An early career award for a precocious alum

Chris Jewell ’03 has always been a bit ahead of his time.

When he enrolled at Lehigh 15 years ago, Jewell knew he wanted to study bioengineering. The field was new and programs did not yet exist at many universities, including Lehigh.

But he found another avenue that allowed him to blend his interests in biology and engineering.

“I knew that I was interested in biology and that I wanted to be an engineer,” says Jewell, now an assistant professor of bioengineering at the University of Maryland. “Lehigh allowed me to design a path—through the arts-engineering program—that helped me do what I wanted.”

The arts-engineering program allows students to earn two bachelor’s degrees—one in the College of Arts and Sciences and one in the P.C. Rossin College of Engineering and Applied Science—in five years.

Jewell, while playing percussion for the Lehigh Philharmonic and Wind Ensemble, traveling to Italy with the Martindale Scholars program and winning the Leonard Pool prize for entrepreneurship, completed degrees in chemical engineering and in molecular biology—in four years.

“I got to learn about both areas and then I built on that,” he says. “I am grateful to Lehigh for helping me do what I was interested in and passionate about. It’s definitely still a big part of who I am.”

The new face of engineering

Following his time on South Mountain, Jewell went on to earn a Ph.D. from the University of Wisconsin-Madison in 2008.

In 2012, as a postdoctoral researcher at the Massachusetts Institute of Technology, he was featured in USA Today representing the chemical engineering discipline as a “New Face of Engineering” during National Engineer’s Week. The national newspaper cited the potential for Jewell’s research to lead to new “therapeutic vaccines for treating cancer of autoimmunity.”

Recently, Jewell received a five-year, $438,000 National Science Foundation (NSF) Faculty Early Career Development (CAREER) award. The award—his second major research grant—will support his vaccine design and immunotherapy research.

Jewell and his team are exploring how different biomaterials interact with the immune system. Their research could lead to new biomaterials that transport vaccines through the body, as well as help tune immune response to fight particular diseases.

The NSF award will also help Jewell expand a STEM (science, technology, engineering and mathematics) outreach program that his lab created at a nearby Maryland high school. Jewell says he got his first exposure to science education outreach initiatives during his time at Lehigh.

Jewell’s STEM outreach consists of two programs. The first is a three-week mini-course in which nearly 70 high school students work with graduate students and postdocs to learn about vaccines and conduct experiments with polymers and nanotechnology in the Jewell lab.

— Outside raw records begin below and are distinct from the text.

(* Contracting a K4-end keeps [G] within two edges of bipartite: two vertices
   [p], [q] of the triangle [X] share a colour, so [pq] is deleted and at most
   one other deleted edge survives; colouring the contracted vertex like [p]
   and [q] can only spoil the edge leaving the third vertex [r]. *)
Lemma K4_end_contract_odd_set (F : {set edge G}) (col : vert G -> bool) : #|F| <= 2 ->
  (forall e, e \in ~: F -> col (src e) != col (tgt e)) ->
  exists F1 F2 : {set edge (contract X)},
  [/\ #|F1| <= 1, #|F2| <= 1,
      forall f, f \in F2 -> (src f == None) || (tgt f == None)
    & bipartite_in (~: (F1 :|: F2))].
Proof.
move=> cF col_proper.
have cX : #|X| = 3 by rewrite -(K4_contract_card iB) setCK.
have [p [q [r [cpq [pX qX rX] [pq _ _] allX]]]] := card3_two_same_colour col cX.
have colX v : v \in X -> v != r -> col v = col p.
  by move=> /allX; rewrite !inE => /or3P[]/eqP-> //; rewrite ?cpq ?eqxx.
have [epq Spq] : exists e, same_ends (src e) (tgt e) p q.
  by apply: (K4_contract_adj iB); rewrite ?inE ?negbK.
have epqF : epq \in F.
  apply/negPn/negP => h; have := @col_proper epq; rewrite inE h => /(_ isT).
  by case/same_endsP: Spq => [[->->]|[->->]]; rewrite cpq eqxx.
have epqX : (src epq \in X) && (tgt epq \in X) by rewrite (same_ends_in2 X Spq) pX qX.
exists [set e | val e \in F], [set e | incident (val e) r]; split.
- by rewrite -ltnS; apply: leq_trans (card_contract_odd_set epqF epqX) cF.
- exact: K4_end_edges_at.
- move=> f; rewrite inE /incident contract_src contract_tgt !cend_eqNone.
  by case/orP=> /eqP->; rewrite rX ?orbT.
- exact: contract_recolour colX col_proper.
Qed.

End ContractOddSet.

Lemma K4_decomposition_tri_ladder n G : #|vert G| <= n -> loopless G ->
  almost_bipartite G -> has_K4_decomposition G -> iso G K4 \/ tri_ladder G.
Proof.
elim: n G => [|n IH] G cG lG [F [cF [col col_proper]]] dG.
  by move: (leq_trans (K4_decomposition_card dG) cG).
case: (K4_decomposition_shape lG dG) => [iK|[ends [w _]]]; first by left.
right; have [X [iB dX] _] := ends w.
have [F1 [F2 [cF1 cF2 F2N bip]]] := K4_end_contract_odd_set iB cF col_proper.
have lX : loopless (contract X) := contract_loopless lG.
have cX : #|vert (contract X)| <= n.
  have := K4_contract_card iB; rewrite setCK card_contract -(cardsC X) in cG *; lia.
have abX : almost_bipartite (contract X).
  by exists (F1 :|: F2); split => //; rewrite cardsU; lia.
have prism_case : iso (contract X) K4 -> tri_ladder G.
  by move=> iA; apply/TL_base/prism_iso/is_prism_C6bar; exact: two_K4_sides_prism iA iB.
case: (IH _ cX lX abX dX) => [|tlX]; first exact: prism_case.
case: (K4_decomposition_shape lX dX) => [|[_ two]]; first exact: prism_case.
have [f [g [bf bg E]]] := iB.
apply: (@TL_step G (contract X) None (f None) tlX).
  exact: in_triangle_of_odd_set cF1 F2N bip two.
exists X; split; last by exists f, g.
by exists id, id; split; try exists id; move=> //= e; exact: same_ends_refl.
Qed.
(* Let $n\ge5$ and let $\mathcal{W}=\mathcal{W}_1\cup\mathcal{W}_2\subset(\mathbb{R}^{4n})^{\otimes5}$ be the set defined below. Then the tensors in $\mathcal{W}$ are linearly independent. Moreover, if $\mathcal{T}_1\in\operatorname{Span}\mathcal{W}_1$ and $\mathcal{T}_2\in\operatorname{Span}\mathcal{W}_2$ satisfy $\mathcal{T}_1+\mathcal{T}_2=0$, then $\mathcal{T}_1=\mathcal{T}_2=0$.
   Context: All tensors are real. The set $\mathcal{W}$: for $i\in\{1,\dots,n\}$ let $\alpha_i\in\mathbb{R}^{2n}$ have entries $1$ at positions $2i-1,2i$ and $0$ elsewhere; $(a|b)\in\mathbb{R}^{4n}$ is concatenation. With $1\le i_1<i_2<i_3<i_4\le n$ and $1\le k_1<k_2\le n$ ranging over all choices, let $U$ be the set of vectors of the 16 types: $(\alpha_{i_1}+\alpha_{i_2}+\alpha_{i_3}+\alpha_{i_4}|0)$, $(\alpha_{i_1}+\alpha_{i_2}+\alpha_{i_3}|0)$, $(\alpha_{i_1}+\alpha_{i_2}|0)$, $(\alpha_{i_1}|0)$, $(\alpha_{i_1}+\alpha_{i_2}+\alpha_{i_3}+\alpha_{i_4}|\alpha_{k_1})$, $(\alpha_{i_1}+\alpha_{i_2}|\tfrac{(n-2)^2}{(n-3)(n-1)}\alpha_{k_1})$, $(\alpha_{i_1}|\tfrac{n-2}{n-3}\alpha_{k_1})$, $(\alpha_{i_1}|\tfrac{n-1}{n-4}\alpha_{k_1})$, $(\alpha_{i_1}+\alpha_{i_2}+\alpha_{i_3}|\alpha_{k_1}+\alpha_{k_2})$, $(\alpha_{i_1}+\alpha_{i_2}|\tfrac{n-2}{n-3}(\alpha_{k_1}+\alpha_{k_2}))$, $(\alpha_{i_1}+\alpha_{i_2}|\tfrac{n-2}{n-4}\alpha_{k_1})$, $(0|\alpha_{k_1})$, $(\alpha_{i_1}+\alpha_{i_2}+\alpha_{i_3}|\tfrac{n-3}{n-4}\alpha_{k_1})$, $(\alpha_{i_1}+\alpha_{i_2}+\alpha_{i_3}|\tfrac{n-2}{n-1}\alpha_{k_1})$, $(\alpha_{i_1}|\tfrac{n-1}{n-3}(\alpha_{k_1}+\alpha_{k_2}))$, $(0|\alpha_{k_1}+\alpha_{k_2})$ (types with only $i_1$ or only $k_1$ omit the other indices; $k_1$ alone ranges over $\{1,\dots,n\}$). Let $\pi(a_1,\dots,a_{2n},b_1,\dots,b_{2n})=(b_2,\dots,b_{2n},b_1,a_2,\dots,a_{2n},a_1)$. Set $\mathcal{W}_1=\{u^{\otimes5}:u\in U\}$, $\mathcal{W}_2=\{(\pi u)^{\otimes5}:u\in U\}$, $\mathcal{W}=\mathcal{W}_1\cup\mathcal{W}_2$; linear independence means the tensors $u^{\otimes5}$, $(\pi u)^{\otimes 5}$, $u\in U$, are linearly independent in $(\mathbb{R}^{4n})^{\otimes5}$. *)

From HB Require Import structures.
From mathcomp Require Import all_boot all_order all_algebra.
Set Implicit Arguments. Unset Strict Implicit. Unset Printing Implicit Defensive.
Import Order.TTheory GRing.Theory Num.Theory.
Local Open Scope ring_scope.

Section Defs.
Variable R : realFieldType.

(** Vectors of R^(2n) / R^(4n) are represented as functions on 1-based
    positions [nat -> R] (only positions 1..2n, resp. 1..4n, matter). *)
Definition vec := nat -> R.

Definition vzero : vec := fun _ => 0.
Definition vscale (c : R) (a : vec) : vec := fun p => c * a p.

Definition alpha (i : nat) : vec :=
  fun p => if (p == (2 * i).-1)%N || (p == 2 * i)%N then 1 else 0.

(** sum of alpha_i over a set of indices, S : {set 'I_n}, index i <-> i+1 *)
Definition asum (n : nat) (S : {set 'I_n}) : vec :=
  fun p => \sum_(i in S) alpha (i.+1) p.

Definition subsets (n m : nat) : seq {set 'I_n} :=
  enum [set S : {set 'I_n} | #|S| == m].

Definition cv (n : nat) (a b : vec) : vec :=
  fun p => if (p <= 2 * n)%N then a p else b (p - 2 * n)%N.

(** pi(a_1..a_2n, b_1..b_2n) = (b_2,...,b_2n,b_1,a_2,...,a_2n,a_1) *)
Definition piv (n : nat) (v : vec) : vec :=
  fun p => if (p <= 2 * n)%N then
             (if (p < 2 * n)%N then v (2 * n + p + 1)%N else v (2 * n + 1)%N)
           else let q := (p - 2 * n)%N in
             (if (q < 2 * n)%N then v (q + 1)%N else v 1%N).

Definition nR (k : nat) : R := k%:R.

(** The set U (as a list; duplicates are irrelevant, see lin_indep). *)
Definition U (n : nat) : seq vec :=
  let c6 := nR (n - 2) ^+ 2 / (nR (n - 3) * nR (n - 1)) in
  let A := @asum n in
  let ks := iota 1 n in
  [seq cv n (A J) vzero | J <- subsets n 4] ++
  [seq cv n (A J) vzero | J <- subsets n 3] ++
  [seq cv n (A J) vzero | J <- subsets n 2] ++
  [seq cv n (A J) vzero | J <- subsets n 1] ++
  [seq cv n (A J) (alpha k) | J <- subsets n 4, k <- ks] ++
  [seq cv n (A J) (vscale c6 (alpha k)) | J <- subsets n 2, k <- ks] ++
  [seq cv n (A J) (vscale (nR (n - 2) / nR (n - 3)) (alpha k)) | J <- subsets n 1, k <- ks] ++
  [seq cv n (A J) (vscale (nR (n - 1) / nR (n - 4)) (alpha k)) | J <- subsets n 1, k <- ks] ++
  [seq cv n (A J) (A K) | J <- subsets n 3, K <- subsets n 2] ++
  [seq cv n (A J) (vscale (nR (n - 2) / nR (n - 3)) (A K)) | J <- subsets n 2, K <- subsets n 2] ++
  [seq cv n (A J) (vscale (nR (n - 2) / nR (n - 4)) (alpha k)) | J <- subsets n 2, k <- ks] ++
  [seq cv n vzero (alpha k) | k <- ks] ++
  [seq cv n (A J) (vscale (nR (n - 3) / nR (n - 4)) (alpha k)) | J <- subsets n 3, k <- ks] ++
  [seq cv n (A J) (vscale (nR (n - 2) / nR (n - 1)) (alpha k)) | J <- subsets n 3, k <- ks] ++
  [seq cv n (A J) (vscale (nR (n - 1) / nR (n - 3)) (A K)) | J <- subsets n 1, K <- subsets n 2] ++
  [seq cv n vzero (A K) | K <- subsets n 2].

Definition tensor (n : nat) : lmodType R := {ffun {ffun 'I_5 -> 'I_(4 * n)} -> R^o}.

(** v^{(x)5}; index j : 'I_(4n) corresponds to 1-based position j+1 *)
Definition tpow5 (n : nat) (v : vec) : tensor n :=
  [ffun f : {ffun 'I_5 -> 'I_(4 * n)} => \prod_(k < 5) v (f k).+1].

Definition W1 (n : nat) : seq (tensor n) := [seq tpow5 n u | u <- U n].
Definition W2 (n : nat) : seq (tensor n) := [seq tpow5 n (piv n u) | u <- U n].

End Defs.

(** Linear independence of the SET of elements of a list. *)
Definition lin_indep (R : realFieldType) (V : lmodType R) (S : seq V) : Prop :=
  forall c : V -> R, \sum_(v <- undup S) c v *: v = 0 ->
    forall v, v \in S -> c v = 0.

Definition in_span (R : realFieldType) (V : lmodType R) (S : seq V) (t : V) : Prop :=
  exists c : V -> R, t = \sum_(v <- undup S) c v *: v.

From HB Require Import structures.
From mathcomp Require Import all_boot all_order all_algebra.
From mathcomp Require Import zify ring.
From Stdlib Require List.
Set Implicit Arguments. Unset Strict Implicit. Unset Printing Implicit Defensive.
Import Order.TTheory GRing.Theory Num.Theory.
Local Open Scope ring_scope.

(* Every vector of U is constant on the blocks {2i-1, 2i} of each half of the
   positions of R^(4n), and every vector of pi U on the blocks shifted by one; so
   each tensor of W is described by a pairing, the sets A, B of blocks carrying
   its support in the two halves, and its values there.  Rank the tensors of W by
   the number of even positions in their support.  The entry indexed by one even
   position in each block of A and B, padded up to five indices by a position
   whose block in the other pairing lies outside the support, vanishes on every
   other tensor of W of no larger rank except those with the same supports and
   pairing; these are separated from it by their coefficient, since the
   coefficients of U with the same support sizes are distinct.  Hence one entry,
   or a combination of two entries, is triangular with respect to the rank, which
   gives linear independence; W1 and W2 are disjoint, hence the second claim. *)


Section TriangularCriterion.
Variables (R : realFieldType) (I : finType).
Local Notation tens := {ffun I -> R^o}.

Definition entry_comb (a b : R) (i j : I) (t : tens) : R := a * t i + b * t j.

Lemma entry_comb_sum (S : seq tens) (c : tens -> R) a b i j :
  entry_comb a b i j (\sum_(v <- S) c v *: v) =
  \sum_(v <- S) c v * entry_comb a b i j v.
Proof.
rewrite /entry_comb !sum_ffunE !mulr_sumr -big_split /=.
by apply: eq_bigr => v _; rewrite !ffunE /GRing.scale /=; ring.
Qed.

Lemma entry_comb_single i (t : tens) : entry_comb 1 0 i i t = t i.
Proof. by rewrite /entry_comb mul1r mul0r addr0. Qed.

(* By induction from the top rank down: the functional attached to [t] sees only
   [c t] among the coefficients not yet known to vanish. *)
Lemma triangular_lin_indep (S : seq tens) (rk : tens -> nat) :
  (forall t, t \in S -> exists a b i j, entry_comb a b i j t != 0 /\
     forall t', t' \in S -> t' != t -> (rk t' <= rk t)%N ->
       entry_comb a b i j t' = 0) ->
  lin_indep S.
Proof.
move=> sep c sum0.
pose B := (\max_(v <- S) rk v).+1.
have rk_lt v : v \in S -> (rk v < B)%N.
  by move=> vS; rewrite ltnS (leq_bigmax_seq _ vS).
suff c0 k v : v \in S -> (B <= k + rk v)%N -> c v = 0.
  by move=> v vS; apply: (c0 B v vS); rewrite leq_addr.
elim: k v => [|k IHk] v vS hk; first by have := rk_lt v vS; lia.
have [a [b [i [j [nz kill]]]]] := sep v vS.
have := congr1 (entry_comb a b i j) sum0.
rewrite entry_comb_sum {2}/entry_comb !ffunE !mulr0 addr0.
rewrite (bigD1_seq v) ?mem_undup ?undup_uniq //= big1_seq => [|w /andP[wv]].
  by rewrite addr0 => /eqP; rewrite mulf_eq0 (negbTE nz) orbF => /eqP.
rewrite mem_undup => wS; have [le|lt] := leqP (rk w) (rk v).
  by rewrite kill ?mulr0.
by rewrite (IHk w wS) ?mul0r //; lia.
Qed.

End TriangularCriterion.

Lemma lin_indep_cat_span (R : realFieldType) (V : lmodType R) (S1 S2 : seq V) :
  lin_indep (S1 ++ S2) -> {in S1, forall v, v \notin S2} ->
  forall T1 T2 : V, in_span S1 T1 -> in_span S2 T2 -> T1 + T2 = 0 ->
  T1 = 0 /\ T2 = 0.
Proof.
move=> indep disj T1 T2 [c1 ->] [c2 ->] sum0.
pose c v := if v \in S1 then c1 v else c2 v.
have split_sum : \sum_(v <- undup (S1 ++ S2)) c v *: v =
    \sum_(v <- undup S1) c1 v *: v + \sum_(v <- undup S2) c2 v *: v.
  rewrite undup_cat big_cat (@eq_in_filter _ _ predT) ?filter_predT; last first.
    by move=> v; rewrite mem_undup => /disj ->.
  congr (_ + _); apply: eq_big_seq => v; rewrite mem_undup /c.
    by move=> ->.
  by case: ifP => // v1 v2; move: (disj v v1); rewrite v2.
have c0 := indep c (etrans split_sum sum0).
split; apply: big1_seq => v /andP[_]; rewrite mem_undup => vS.
  by move: (c0 v); rewrite mem_cat vS /c vS => ->; rewrite ?scale0r.
move: (c0 v); rewrite mem_cat vS orbT /c.
by case: ifP => [v1|_ -> //]; [move: (disj v v1); rewrite vS | rewrite scale0r].
Qed.

Lemma half_mul2 i : ((2 * i)./2 = i)%N.
Proof. by rewrite mul2n doubleK. Qed.

Lemma half_mul2S i : ((2 * i).+1./2 = i)%N.
Proof. by rewrite mul2n; exact: (half_bit_double i true). Qed.

Lemma prod_nseq (R : pzSemiRingType) (T : Type) e (x : T) (F : T -> R) :
  \prod_(y <- nseq e x) F y = F x ^+ e.
Proof. by rewrite big_nseq; elim: e => //= e ->; rewrite exprS. Qed.

Section BlockTensors.
Variables (R : realFieldType) (n : nat).
Local Notation tens := (tensor R n).
Local Notation idx := {ffun 'I_5 -> 'I_(4 * n)}.

(* A vector of R^(4n), with 0-based positions, that is constant on blocks: each
   half is cut into the n blocks {2i, 2i+1}, or, when [shifted], into the blocks
   {2i-1, 2i} (block 0 being {2n-1, 0}); it equals [valA] on the blocks of
   [suppA] in the first half, [valB] on the blocks of [suppB] in the second half,
   and 0 elsewhere. *)
Record blockdesc := BlockDesc {
  shifted : bool; suppA : {set 'I_n}; suppB : {set 'I_n}; valA : R; valB : R }.

Definition has_idx (S : {set 'I_n}) (x : nat) : bool := [exists i in S, val i == x].

Definition block (m : bool) (r : nat) : nat :=
  if m then (if (r.+1 < 2 * n)%N then (r.+1)./2 else 0%N) else r./2.

Definition bvec (d : blockdesc) (j : nat) : R :=
  if (j < 2 * n)%N then
    (if has_idx (suppA d) (block (shifted d) j) then valA d else 0)
  else (if has_idx (suppB d) (block (shifted d) (j - 2 * n)) then valB d else 0).

Definition btensor (d : blockdesc) : tens :=
  [ffun f : idx => \prod_(k < 5) bvec d (f k)].

Lemma has_idxE (S : {set 'I_n}) (i : 'I_n) : has_idx S i = (i \in S).
Proof.
apply/existsP/idP => [[i' /andP[i'S /eqP/val_inj <-]] //|iS].
by exists i; rewrite iS eqxx.
Qed.

Lemma has_idxP (S : {set 'I_n}) x :
  reflect (exists2 i : 'I_n, i \in S & val i = x) (has_idx S x).
Proof.
apply: (iffP existsP) => [[i /andP[iS /eqP <-]]|[i iS <-]]; exists i => //.
by rewrite iS eqxx.
Qed.

Lemma has_idx_subset (S S' : {set 'I_n}) x :
  S \subset S' -> has_idx S x -> has_idx S' x.
Proof.
move=> /subsetP sub /existsP[i /andP[iS ix]]; apply/existsP; exists i.
by rewrite (sub _ iS) ix.
Qed.

Lemma block_even m j : ~~ odd j -> (j < 2 * n)%N -> block m j = j./2.
Proof.
move=> ev lt; rewrite /block; case: m => //.
have -> : (j.+1 < 2 * n)%N.
  rewrite ltn_neqAle lt andbT; apply/eqP => E.
  by move: (congr1 odd E); rewrite /= ev oddM.
by rewrite -uphalfE uphalf_half (negbTE ev).
Qed.

Definition anchorsA (S : {set 'I_n}) : seq nat := [seq (2 * val i)%N | i <- enum S].
Definition anchorsB (S : {set 'I_n}) : seq nat :=
  [seq (2 * n + 2 * val i)%N | i <- enum S].

Lemma prod_if_subset (S S' : {set 'I_n}) (c : R) :
  \prod_(i in S) (if i \in S' then c else 0) =
  if S \subset S' then c ^+ #|S| else 0.
Proof.
case: ifP => [/subsetP sub|/subsetPn [i iS iS']].
  by rewrite -prodr_const; apply: eq_bigr => i /sub ->.
by rewrite (bigD1 i) //= (negbTE iS') mul0r.
Qed.

Lemma prod_anchorsA d S : \prod_(x <- anchorsA S) bvec d x =
  if S \subset suppA d then valA d ^+ #|S| else 0.
Proof.
rewrite -prod_if_subset big_map big_enum /=; apply: eq_bigr => i _.
have lt_i := ltn_ord i.
rewrite /bvec ifT; last by lia.
by rewrite block_even ?half_mul2 ?has_idxE ?oddM //; lia.
Qed.

Lemma prod_anchorsB d S : \prod_(x <- anchorsB S) bvec d x =
  if S \subset suppB d then valB d ^+ #|S| else 0.
Proof.
rewrite -prod_if_subset big_map big_enum /=; apply: eq_bigr => i _.
have lt_i := ltn_ord i.
rewrite /bvec ifF; last by lia.
by rewrite addKn block_even ?half_mul2 ?has_idxE ?oddM //; lia.
Qed.


(* [odd_pos m i] is the odd position of block [i] in pairing [m]; in the other
   pairing it lies in the neighbouring block [nbr m i]. *)
Definition odd_pos (m : bool) (i : nat) : nat :=
  if m then (if i == 0%N then (2 * n).-1 else (2 * i).-1) else (2 * i).+1.
Definition nbr (m : bool) (i : nat) : nat :=
  if m then (if i == 0%N then n.-1 else i.-1)
  else (if (i.+1 < n)%N then i.+1 else 0%N).
Definition pad_pos (m h : bool) (i : nat) : nat :=
  ((if h then 0 else 2 * n) + odd_pos m i)%N.

Lemma odd_pos_lt m (i : 'I_n) : (odd_pos m i < 2 * n)%N.
Proof. by have := ltn_ord i; rewrite /odd_pos; case: m; [case: ifP => /eqP|]; lia. Qed.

The second program is providing a select group of 20 high school students with a year-long opportunity to learn about research by exploring a bioengineering topic. Each high school student has been paired with a graduate student or postdoctoral mentor, and assigned to interview experts, read scientific literature and write a review article. Among the topics the students have chosen are the use of stem cells to treat brain damage, therapies for multiple sclerosis and biomechanics in sports medicine.

The program will culminate later this spring, Jewell says, when each student will develop and present a poster during a research symposium on campus.

“We want the students to see how much stuff there is to do in the research world,” Jewell says. “Things people just aren’t exposed to.”

Plus, Jewell points out that there is a direct benefit to the graduate and postdoctoral mentors who are participating in the outreach program. “They are getting training in science leadership that grad students and postdocs don’t always get,” he says.

When asked what his future holds, Jewell, at the ripe old age of 33, is already looking to the next generation.

“It’s amazing being a professor,” Jewell says. “For me, the next step is making my students a success, helping them to achieve their research goals and submit papers, and challenge them. I’ve had great mentors and developing people is a characteristic that all of them have shared.

“When you help your team to develop and to answer their questions, to get more grants and get more papers out, that’s critical to taking your research to the next level.

That “next level,” Jewell says, is to work with his clinical collaborators in hopes of one day taking the concepts that he and his team are working on in the lab and contributing to new clinical options for patients.